(Supplied data)
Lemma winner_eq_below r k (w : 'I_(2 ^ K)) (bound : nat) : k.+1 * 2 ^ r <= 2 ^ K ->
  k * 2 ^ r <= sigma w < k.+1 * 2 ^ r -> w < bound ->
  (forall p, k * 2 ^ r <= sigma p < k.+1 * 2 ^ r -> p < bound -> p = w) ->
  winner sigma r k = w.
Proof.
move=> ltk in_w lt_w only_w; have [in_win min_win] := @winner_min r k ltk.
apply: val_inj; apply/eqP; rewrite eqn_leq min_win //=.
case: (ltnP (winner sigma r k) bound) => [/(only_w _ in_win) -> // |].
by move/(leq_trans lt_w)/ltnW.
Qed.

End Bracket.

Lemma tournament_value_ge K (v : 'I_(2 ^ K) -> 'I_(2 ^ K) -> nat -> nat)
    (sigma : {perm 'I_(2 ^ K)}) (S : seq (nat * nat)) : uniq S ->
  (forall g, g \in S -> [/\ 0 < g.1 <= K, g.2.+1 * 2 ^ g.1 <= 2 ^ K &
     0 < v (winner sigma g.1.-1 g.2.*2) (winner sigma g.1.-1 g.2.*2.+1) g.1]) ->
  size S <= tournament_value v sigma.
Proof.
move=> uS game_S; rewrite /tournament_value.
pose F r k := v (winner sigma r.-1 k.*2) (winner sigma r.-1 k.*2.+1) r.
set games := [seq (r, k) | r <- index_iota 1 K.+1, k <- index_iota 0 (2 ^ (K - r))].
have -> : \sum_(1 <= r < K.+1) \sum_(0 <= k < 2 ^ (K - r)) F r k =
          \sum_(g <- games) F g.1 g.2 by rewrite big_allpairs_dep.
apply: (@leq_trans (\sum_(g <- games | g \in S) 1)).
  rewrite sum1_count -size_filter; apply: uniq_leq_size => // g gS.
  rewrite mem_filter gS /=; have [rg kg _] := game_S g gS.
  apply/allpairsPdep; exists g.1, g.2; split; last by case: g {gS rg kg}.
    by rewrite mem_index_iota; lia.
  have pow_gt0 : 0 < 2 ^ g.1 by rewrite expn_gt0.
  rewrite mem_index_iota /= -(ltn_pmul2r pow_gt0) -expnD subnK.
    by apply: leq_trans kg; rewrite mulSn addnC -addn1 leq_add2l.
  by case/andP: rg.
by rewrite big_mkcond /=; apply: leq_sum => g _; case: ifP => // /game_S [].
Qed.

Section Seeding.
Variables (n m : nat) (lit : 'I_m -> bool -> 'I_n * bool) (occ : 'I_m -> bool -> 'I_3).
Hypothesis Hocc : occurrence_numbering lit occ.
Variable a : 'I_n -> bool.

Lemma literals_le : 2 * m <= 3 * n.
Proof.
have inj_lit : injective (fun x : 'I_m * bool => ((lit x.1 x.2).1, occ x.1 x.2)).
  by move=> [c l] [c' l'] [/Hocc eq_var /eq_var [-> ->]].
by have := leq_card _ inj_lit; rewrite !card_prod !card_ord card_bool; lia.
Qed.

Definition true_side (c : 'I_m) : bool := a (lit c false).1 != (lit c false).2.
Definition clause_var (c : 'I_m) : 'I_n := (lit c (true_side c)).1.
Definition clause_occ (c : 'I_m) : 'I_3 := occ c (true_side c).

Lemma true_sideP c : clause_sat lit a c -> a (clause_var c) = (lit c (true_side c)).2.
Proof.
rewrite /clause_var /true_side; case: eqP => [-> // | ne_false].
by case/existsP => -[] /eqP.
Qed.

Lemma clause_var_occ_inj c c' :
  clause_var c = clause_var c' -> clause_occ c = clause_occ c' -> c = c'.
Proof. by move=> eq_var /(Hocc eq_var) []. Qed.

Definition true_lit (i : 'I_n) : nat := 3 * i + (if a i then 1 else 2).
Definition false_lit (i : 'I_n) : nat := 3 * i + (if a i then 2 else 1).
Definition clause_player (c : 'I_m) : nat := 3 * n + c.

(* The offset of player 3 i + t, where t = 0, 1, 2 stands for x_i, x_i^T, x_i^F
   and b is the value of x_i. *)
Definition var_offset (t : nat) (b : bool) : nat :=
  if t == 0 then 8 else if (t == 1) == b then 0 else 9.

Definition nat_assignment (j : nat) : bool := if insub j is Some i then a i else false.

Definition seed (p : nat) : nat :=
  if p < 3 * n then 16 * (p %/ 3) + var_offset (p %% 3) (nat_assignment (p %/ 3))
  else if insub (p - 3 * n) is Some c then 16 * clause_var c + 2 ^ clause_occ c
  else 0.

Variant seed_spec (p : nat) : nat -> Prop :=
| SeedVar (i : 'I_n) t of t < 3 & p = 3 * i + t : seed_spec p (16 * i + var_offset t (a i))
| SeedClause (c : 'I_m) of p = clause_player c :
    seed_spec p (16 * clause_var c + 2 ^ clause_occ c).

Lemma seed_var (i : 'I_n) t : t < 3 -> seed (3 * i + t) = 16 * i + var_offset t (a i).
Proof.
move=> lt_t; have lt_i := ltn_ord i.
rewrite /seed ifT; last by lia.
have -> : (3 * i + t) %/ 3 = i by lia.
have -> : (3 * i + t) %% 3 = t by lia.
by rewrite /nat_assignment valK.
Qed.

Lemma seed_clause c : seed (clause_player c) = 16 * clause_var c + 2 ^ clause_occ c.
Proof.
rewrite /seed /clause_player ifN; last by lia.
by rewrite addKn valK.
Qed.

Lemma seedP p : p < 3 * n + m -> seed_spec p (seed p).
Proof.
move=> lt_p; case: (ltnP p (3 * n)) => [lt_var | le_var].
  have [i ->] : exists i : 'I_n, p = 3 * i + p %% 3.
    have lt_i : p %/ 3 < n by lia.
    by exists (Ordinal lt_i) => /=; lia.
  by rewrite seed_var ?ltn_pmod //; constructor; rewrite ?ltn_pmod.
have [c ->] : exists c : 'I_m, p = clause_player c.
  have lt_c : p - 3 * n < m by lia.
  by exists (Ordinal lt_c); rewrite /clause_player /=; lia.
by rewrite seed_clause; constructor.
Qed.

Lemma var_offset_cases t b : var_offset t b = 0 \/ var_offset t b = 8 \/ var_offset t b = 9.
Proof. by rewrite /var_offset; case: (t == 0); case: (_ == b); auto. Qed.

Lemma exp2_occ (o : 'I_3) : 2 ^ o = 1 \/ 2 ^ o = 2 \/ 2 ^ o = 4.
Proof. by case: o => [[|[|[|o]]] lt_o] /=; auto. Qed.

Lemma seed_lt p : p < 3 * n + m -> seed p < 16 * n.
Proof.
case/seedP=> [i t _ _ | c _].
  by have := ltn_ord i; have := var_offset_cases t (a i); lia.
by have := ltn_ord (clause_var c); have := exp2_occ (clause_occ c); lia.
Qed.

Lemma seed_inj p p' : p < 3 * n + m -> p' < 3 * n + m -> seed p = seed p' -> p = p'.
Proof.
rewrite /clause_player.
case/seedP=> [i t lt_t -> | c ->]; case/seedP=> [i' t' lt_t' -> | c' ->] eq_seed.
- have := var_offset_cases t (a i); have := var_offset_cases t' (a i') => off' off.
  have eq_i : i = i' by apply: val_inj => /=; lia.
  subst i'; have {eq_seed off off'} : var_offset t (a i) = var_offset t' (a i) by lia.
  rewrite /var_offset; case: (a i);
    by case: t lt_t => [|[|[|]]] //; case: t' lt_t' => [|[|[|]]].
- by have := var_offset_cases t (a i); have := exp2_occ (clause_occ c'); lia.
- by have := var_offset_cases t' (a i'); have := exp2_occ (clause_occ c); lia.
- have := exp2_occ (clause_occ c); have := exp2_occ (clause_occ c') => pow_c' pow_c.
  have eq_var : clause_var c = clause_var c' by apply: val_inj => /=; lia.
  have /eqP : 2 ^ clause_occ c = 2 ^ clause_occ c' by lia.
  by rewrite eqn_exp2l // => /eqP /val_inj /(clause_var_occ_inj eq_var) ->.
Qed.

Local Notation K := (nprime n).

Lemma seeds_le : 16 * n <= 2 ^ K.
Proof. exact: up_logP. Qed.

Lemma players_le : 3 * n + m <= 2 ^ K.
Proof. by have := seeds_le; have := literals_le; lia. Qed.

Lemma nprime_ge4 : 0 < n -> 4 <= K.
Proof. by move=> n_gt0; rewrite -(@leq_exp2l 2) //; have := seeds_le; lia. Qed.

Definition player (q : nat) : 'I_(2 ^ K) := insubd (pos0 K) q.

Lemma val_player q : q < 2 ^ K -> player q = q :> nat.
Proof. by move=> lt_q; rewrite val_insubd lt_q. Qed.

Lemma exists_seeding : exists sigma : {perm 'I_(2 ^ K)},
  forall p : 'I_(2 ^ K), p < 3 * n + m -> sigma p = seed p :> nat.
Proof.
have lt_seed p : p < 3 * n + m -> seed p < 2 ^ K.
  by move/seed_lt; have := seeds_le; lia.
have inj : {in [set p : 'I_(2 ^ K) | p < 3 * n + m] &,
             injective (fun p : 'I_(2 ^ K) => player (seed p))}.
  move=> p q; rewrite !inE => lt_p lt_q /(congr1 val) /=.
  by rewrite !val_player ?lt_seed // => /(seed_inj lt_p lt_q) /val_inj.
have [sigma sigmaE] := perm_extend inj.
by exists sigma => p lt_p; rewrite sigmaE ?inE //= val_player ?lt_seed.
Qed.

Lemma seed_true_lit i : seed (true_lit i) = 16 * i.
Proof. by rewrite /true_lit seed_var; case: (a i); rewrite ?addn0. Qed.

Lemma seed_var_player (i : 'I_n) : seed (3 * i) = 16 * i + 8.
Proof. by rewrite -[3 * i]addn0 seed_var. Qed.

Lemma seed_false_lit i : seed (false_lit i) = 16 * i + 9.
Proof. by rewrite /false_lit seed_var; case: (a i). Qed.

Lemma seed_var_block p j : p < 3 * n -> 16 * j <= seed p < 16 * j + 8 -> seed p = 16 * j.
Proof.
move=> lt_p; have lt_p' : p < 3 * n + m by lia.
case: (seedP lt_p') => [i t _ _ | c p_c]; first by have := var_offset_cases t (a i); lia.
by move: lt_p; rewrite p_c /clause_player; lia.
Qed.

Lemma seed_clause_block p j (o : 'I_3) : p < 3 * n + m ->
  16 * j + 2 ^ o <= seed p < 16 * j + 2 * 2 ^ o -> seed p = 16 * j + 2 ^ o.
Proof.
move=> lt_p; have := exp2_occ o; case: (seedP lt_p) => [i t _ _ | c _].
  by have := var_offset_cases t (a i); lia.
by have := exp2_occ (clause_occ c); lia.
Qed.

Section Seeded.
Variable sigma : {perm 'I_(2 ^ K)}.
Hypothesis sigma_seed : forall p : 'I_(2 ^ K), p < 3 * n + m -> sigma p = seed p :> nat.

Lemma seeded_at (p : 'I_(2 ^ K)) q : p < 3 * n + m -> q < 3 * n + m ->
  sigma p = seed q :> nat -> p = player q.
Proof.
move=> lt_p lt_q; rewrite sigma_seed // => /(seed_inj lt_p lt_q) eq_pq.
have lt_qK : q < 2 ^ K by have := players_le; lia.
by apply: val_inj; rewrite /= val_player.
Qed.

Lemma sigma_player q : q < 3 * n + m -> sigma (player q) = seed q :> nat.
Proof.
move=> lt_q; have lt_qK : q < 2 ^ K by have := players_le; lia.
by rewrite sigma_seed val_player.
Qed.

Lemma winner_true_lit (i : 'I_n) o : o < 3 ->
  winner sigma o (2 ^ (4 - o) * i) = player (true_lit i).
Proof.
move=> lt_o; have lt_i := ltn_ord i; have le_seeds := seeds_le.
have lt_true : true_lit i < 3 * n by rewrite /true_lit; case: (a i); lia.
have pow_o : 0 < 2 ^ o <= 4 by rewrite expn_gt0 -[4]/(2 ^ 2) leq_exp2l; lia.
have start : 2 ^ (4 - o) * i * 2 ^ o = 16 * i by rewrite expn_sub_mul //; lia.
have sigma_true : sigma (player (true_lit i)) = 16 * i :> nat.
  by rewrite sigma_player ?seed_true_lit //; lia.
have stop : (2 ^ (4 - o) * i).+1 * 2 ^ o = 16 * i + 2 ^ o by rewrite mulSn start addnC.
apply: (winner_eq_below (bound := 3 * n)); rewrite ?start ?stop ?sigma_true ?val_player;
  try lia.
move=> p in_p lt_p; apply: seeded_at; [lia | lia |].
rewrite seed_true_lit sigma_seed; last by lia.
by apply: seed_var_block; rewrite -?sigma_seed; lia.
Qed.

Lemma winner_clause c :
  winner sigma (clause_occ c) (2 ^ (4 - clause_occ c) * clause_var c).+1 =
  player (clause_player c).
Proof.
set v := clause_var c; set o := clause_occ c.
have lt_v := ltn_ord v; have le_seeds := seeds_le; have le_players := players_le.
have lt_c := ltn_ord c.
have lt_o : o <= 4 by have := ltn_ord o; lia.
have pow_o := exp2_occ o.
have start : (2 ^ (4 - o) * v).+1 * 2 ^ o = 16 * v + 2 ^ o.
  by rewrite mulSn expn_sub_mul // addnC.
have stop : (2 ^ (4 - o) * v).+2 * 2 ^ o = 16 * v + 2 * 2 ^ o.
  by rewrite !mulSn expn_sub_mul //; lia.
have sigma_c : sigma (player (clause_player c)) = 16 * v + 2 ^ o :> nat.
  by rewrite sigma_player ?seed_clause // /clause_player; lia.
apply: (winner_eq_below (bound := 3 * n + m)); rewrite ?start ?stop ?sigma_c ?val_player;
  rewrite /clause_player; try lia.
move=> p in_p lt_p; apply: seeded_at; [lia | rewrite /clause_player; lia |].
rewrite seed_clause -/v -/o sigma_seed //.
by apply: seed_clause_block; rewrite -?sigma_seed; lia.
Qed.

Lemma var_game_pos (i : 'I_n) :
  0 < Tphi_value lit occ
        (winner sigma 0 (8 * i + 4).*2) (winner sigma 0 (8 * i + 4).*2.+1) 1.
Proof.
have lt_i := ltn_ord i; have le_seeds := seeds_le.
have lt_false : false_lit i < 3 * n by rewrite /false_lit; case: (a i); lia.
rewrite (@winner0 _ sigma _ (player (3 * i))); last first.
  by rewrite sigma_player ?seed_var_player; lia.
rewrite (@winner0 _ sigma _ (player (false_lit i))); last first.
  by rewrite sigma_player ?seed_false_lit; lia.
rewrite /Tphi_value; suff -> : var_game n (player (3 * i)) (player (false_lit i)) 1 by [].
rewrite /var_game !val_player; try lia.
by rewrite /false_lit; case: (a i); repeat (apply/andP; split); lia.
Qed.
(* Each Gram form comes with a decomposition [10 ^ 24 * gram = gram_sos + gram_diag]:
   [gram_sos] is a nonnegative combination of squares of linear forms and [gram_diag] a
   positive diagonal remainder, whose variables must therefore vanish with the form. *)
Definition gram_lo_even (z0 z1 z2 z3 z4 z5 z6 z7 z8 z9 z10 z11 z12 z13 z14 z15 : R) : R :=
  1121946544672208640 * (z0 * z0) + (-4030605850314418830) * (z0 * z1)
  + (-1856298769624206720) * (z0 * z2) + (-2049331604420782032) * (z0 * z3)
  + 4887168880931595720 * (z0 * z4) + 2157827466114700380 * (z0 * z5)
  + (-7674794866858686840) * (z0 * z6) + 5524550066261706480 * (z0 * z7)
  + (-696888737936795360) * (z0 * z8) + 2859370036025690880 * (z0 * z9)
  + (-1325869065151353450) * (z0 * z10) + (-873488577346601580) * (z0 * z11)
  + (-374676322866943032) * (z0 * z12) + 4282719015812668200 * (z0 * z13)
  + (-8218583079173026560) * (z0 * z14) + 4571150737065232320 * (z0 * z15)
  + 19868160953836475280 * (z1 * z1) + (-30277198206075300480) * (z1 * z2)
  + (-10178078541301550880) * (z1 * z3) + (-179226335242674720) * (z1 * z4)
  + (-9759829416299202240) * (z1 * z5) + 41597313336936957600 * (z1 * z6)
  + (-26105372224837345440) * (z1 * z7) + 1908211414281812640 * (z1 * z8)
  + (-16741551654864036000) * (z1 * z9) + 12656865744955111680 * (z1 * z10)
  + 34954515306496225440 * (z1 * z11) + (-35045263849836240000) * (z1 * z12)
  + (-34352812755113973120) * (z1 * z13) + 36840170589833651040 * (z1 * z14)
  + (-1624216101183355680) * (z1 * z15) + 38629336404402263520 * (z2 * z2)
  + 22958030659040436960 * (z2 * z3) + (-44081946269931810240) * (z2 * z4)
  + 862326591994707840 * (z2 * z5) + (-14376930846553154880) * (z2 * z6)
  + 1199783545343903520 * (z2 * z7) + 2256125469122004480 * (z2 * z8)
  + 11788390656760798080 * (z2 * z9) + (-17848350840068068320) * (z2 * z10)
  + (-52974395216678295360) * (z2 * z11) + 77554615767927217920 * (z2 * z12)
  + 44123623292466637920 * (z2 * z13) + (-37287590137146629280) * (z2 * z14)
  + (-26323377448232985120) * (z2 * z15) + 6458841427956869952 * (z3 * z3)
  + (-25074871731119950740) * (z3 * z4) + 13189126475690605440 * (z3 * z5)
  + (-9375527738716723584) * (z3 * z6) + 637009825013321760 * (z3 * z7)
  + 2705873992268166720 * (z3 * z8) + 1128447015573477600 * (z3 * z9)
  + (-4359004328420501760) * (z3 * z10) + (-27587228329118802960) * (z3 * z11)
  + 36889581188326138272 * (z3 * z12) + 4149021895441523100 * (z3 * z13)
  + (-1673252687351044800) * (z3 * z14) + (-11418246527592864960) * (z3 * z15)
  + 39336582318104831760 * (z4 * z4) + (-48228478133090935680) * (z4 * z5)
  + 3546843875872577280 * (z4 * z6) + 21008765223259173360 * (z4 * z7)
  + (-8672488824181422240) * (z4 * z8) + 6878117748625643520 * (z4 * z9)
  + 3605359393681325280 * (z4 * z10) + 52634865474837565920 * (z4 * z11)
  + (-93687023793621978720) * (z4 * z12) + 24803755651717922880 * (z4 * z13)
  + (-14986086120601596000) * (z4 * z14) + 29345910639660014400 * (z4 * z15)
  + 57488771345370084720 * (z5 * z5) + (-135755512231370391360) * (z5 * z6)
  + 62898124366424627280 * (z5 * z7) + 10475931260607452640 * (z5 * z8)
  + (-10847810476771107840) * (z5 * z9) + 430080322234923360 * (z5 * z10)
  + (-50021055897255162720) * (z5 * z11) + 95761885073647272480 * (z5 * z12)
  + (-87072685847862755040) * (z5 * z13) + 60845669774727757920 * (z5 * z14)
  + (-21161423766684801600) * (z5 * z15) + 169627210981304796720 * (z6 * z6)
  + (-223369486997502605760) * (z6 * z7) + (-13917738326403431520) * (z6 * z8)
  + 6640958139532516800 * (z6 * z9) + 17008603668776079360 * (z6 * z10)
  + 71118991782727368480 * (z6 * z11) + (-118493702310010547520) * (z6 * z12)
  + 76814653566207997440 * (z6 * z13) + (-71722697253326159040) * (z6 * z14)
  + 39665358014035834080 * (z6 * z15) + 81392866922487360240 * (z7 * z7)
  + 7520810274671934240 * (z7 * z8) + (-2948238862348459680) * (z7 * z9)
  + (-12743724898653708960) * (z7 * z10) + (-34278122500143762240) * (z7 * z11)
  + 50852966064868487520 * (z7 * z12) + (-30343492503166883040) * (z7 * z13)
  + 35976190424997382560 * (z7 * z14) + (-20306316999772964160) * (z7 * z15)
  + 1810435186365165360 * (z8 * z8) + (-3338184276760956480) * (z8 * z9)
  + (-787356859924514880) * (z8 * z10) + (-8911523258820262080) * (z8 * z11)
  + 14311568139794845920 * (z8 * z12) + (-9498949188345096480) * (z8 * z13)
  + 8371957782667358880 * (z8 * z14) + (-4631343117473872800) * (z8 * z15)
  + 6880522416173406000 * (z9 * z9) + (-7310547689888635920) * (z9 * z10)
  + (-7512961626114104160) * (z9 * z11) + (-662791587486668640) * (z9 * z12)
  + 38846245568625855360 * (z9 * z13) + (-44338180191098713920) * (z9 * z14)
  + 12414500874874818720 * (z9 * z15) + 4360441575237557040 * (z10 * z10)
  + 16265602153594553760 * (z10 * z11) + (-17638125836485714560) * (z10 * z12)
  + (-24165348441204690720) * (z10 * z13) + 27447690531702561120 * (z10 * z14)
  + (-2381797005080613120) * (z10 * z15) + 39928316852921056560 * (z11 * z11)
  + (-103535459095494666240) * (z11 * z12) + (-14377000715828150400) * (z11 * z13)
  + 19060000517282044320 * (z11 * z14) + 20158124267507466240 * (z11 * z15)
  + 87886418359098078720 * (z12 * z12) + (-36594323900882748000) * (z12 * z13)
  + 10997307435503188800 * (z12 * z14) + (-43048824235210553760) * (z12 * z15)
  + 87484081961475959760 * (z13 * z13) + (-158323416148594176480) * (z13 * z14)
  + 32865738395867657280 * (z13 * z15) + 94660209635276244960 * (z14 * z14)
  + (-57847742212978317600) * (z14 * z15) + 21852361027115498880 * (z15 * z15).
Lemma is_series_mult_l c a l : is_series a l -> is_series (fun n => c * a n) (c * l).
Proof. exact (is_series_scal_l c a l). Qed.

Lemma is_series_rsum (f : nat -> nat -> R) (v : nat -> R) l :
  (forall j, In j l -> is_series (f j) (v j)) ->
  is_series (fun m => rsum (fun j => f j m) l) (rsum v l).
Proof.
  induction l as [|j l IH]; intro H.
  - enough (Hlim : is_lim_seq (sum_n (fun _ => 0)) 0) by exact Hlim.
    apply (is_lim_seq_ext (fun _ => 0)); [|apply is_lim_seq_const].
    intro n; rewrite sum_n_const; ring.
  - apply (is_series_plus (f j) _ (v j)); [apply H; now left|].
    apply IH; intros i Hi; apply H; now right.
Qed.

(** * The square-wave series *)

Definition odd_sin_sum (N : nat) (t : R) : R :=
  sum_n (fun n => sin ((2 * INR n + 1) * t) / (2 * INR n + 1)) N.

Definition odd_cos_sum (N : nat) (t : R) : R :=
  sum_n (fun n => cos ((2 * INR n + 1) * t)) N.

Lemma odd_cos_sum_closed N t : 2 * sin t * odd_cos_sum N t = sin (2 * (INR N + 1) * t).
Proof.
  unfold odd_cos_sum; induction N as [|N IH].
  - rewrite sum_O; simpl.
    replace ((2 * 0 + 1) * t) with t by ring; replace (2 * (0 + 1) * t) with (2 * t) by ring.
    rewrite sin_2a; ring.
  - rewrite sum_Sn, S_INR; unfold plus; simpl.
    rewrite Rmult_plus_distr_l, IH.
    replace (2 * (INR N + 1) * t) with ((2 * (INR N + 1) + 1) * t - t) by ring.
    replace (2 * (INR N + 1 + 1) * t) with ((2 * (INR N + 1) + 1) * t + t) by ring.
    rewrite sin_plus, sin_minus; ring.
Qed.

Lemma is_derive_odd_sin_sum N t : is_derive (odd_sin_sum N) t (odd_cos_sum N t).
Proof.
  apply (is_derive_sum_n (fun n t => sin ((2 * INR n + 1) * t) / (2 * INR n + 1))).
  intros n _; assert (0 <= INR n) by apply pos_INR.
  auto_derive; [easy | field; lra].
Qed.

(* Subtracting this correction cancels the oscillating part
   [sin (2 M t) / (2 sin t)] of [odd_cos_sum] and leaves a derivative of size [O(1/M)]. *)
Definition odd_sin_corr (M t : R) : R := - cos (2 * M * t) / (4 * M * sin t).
(End Supplied data)
Goal of the exercise |
Return exactly, and only, the lines above starting at the line that contains "(* The offset" and ending at the line that contains "case/seedP=> [i t _ _ | c _].".

Solution |
(* The offset of player 3 i + t, where t = 0, 1, 2 stands for x_i, x_i^T, x_i^F
   and b is the value of x_i. *)
Definition var_offset (t : nat) (b : bool) : nat :=
  if t == 0 then 8 else if (t == 1) == b then 0 else 9.

Definition nat_assignment (j : nat) : bool := if insub j is Some i then a i else false.

Definition seed (p : nat) : nat :=
  if p < 3 * n then 16 * (p %/ 3) + var_offset (p %% 3) (nat_assignment (p %/ 3))
  else if insub (p - 3 * n) is Some c then 16 * clause_var c + 2 ^ clause_occ c
  else 0.

Variant seed_spec (p : nat) : nat -> Prop :=
| SeedVar (i : 'I_n) t of t < 3 & p = 3 * i + t : seed_spec p (16 * i + var_offset t (a i))
| SeedClause (c : 'I_m) of p = clause_player c :
    seed_spec p (16 * clause_var c + 2 ^ clause_occ c).

Lemma seed_var (i : 'I_n) t : t < 3 -> seed (3 * i + t) = 16 * i + var_offset t (a i).
Proof.
move=> lt_t; have lt_i := ltn_ord i.
rewrite /seed ifT; last by lia.
have -> : (3 * i + t) %/ 3 = i by lia.
have -> : (3 * i + t) %% 3 = t by lia.
by rewrite /nat_assignment valK.
Qed.

Lemma seed_clause c : seed (clause_player c) = 16 * clause_var c + 2 ^ clause_occ c.
Proof.
rewrite /seed /clause_player ifN; last by lia.
by rewrite addKn valK.
Qed.

Lemma seedP p : p < 3 * n + m -> seed_spec p (seed p).
Proof.
move=> lt_p; case: (ltnP p (3 * n)) => [lt_var | le_var].
  have [i ->] : exists i : 'I_n, p = 3 * i + p %% 3.
    have lt_i : p %/ 3 < n by lia.
    by exists (Ordinal lt_i) => /=; lia.
  by rewrite seed_var ?ltn_pmod //; constructor; rewrite ?ltn_pmod.
have [c ->] : exists c : 'I_m, p = clause_player c.
  have lt_c : p - 3 * n < m by lia.
  by exists (Ordinal lt_c); rewrite /clause_player /=; lia.
by rewrite seed_clause; constructor.
Qed.

Lemma var_offset_cases t b : var_offset t b = 0 \/ var_offset t b = 8 \/ var_offset t b = 9.
Proof. by rewrite /var_offset; case: (t == 0); case: (_ == b); auto. Qed.

Lemma exp2_occ (o : 'I_3) : 2 ^ o = 1 \/ 2 ^ o = 2 \/ 2 ^ o = 4.
Proof. by case: o => [[|[|[|o]]] lt_o] /=; auto. Qed.

Lemma seed_lt p : p < 3 * n + m -> seed p < 16 * n.
Proof.
case/seedP=> [i t _ _ | c _].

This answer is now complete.